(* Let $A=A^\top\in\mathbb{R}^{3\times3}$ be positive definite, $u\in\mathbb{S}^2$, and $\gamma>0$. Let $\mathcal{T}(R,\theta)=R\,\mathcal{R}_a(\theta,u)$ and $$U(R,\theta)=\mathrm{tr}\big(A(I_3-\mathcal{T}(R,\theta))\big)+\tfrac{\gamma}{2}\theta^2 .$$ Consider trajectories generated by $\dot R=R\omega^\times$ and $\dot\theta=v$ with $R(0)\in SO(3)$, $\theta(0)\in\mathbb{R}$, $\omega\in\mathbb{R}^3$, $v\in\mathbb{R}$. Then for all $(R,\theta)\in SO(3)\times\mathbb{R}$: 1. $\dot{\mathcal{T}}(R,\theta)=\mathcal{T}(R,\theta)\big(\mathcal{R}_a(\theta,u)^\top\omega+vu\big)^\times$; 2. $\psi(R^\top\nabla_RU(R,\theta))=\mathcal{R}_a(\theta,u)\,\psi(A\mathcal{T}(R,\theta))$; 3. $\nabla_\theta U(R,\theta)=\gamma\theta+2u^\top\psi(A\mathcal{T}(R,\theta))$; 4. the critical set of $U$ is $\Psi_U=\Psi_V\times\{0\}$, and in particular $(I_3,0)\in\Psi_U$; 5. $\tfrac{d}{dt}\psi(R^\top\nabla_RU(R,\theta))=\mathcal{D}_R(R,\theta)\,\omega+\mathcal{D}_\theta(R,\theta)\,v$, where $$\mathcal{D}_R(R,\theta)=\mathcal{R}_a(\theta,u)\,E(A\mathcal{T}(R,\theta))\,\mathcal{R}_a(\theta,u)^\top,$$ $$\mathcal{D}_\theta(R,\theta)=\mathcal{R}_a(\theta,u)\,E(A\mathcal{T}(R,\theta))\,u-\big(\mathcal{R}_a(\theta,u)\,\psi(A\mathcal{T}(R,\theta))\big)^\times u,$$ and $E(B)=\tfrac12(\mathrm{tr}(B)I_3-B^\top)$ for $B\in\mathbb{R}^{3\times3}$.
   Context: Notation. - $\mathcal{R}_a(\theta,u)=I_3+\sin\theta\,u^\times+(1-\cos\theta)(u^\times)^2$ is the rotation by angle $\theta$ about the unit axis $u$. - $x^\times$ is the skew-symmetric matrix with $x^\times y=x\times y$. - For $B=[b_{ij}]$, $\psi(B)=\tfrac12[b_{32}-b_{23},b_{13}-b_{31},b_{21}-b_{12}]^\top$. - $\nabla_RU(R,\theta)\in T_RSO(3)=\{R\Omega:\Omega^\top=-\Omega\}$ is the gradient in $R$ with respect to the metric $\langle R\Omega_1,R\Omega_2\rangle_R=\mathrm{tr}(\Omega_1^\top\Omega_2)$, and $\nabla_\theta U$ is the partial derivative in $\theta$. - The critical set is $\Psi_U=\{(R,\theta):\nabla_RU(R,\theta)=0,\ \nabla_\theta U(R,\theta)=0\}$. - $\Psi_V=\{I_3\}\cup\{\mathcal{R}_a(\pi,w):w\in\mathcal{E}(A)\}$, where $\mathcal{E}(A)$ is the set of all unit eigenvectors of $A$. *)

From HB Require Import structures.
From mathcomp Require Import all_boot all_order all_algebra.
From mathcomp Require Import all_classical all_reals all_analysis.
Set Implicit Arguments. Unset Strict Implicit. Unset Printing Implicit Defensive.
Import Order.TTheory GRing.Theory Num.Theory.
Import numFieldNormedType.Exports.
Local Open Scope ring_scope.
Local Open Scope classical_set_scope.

- _Your goal_
Wherever "Require" occurs in the entries above, copy the line it sits on.

- _Task response_
From HB Require Import structures.
From mathcomp Require Import all_boot all_order all_algebra.
From mathcomp Require Import all_classical all_reals all_analysis.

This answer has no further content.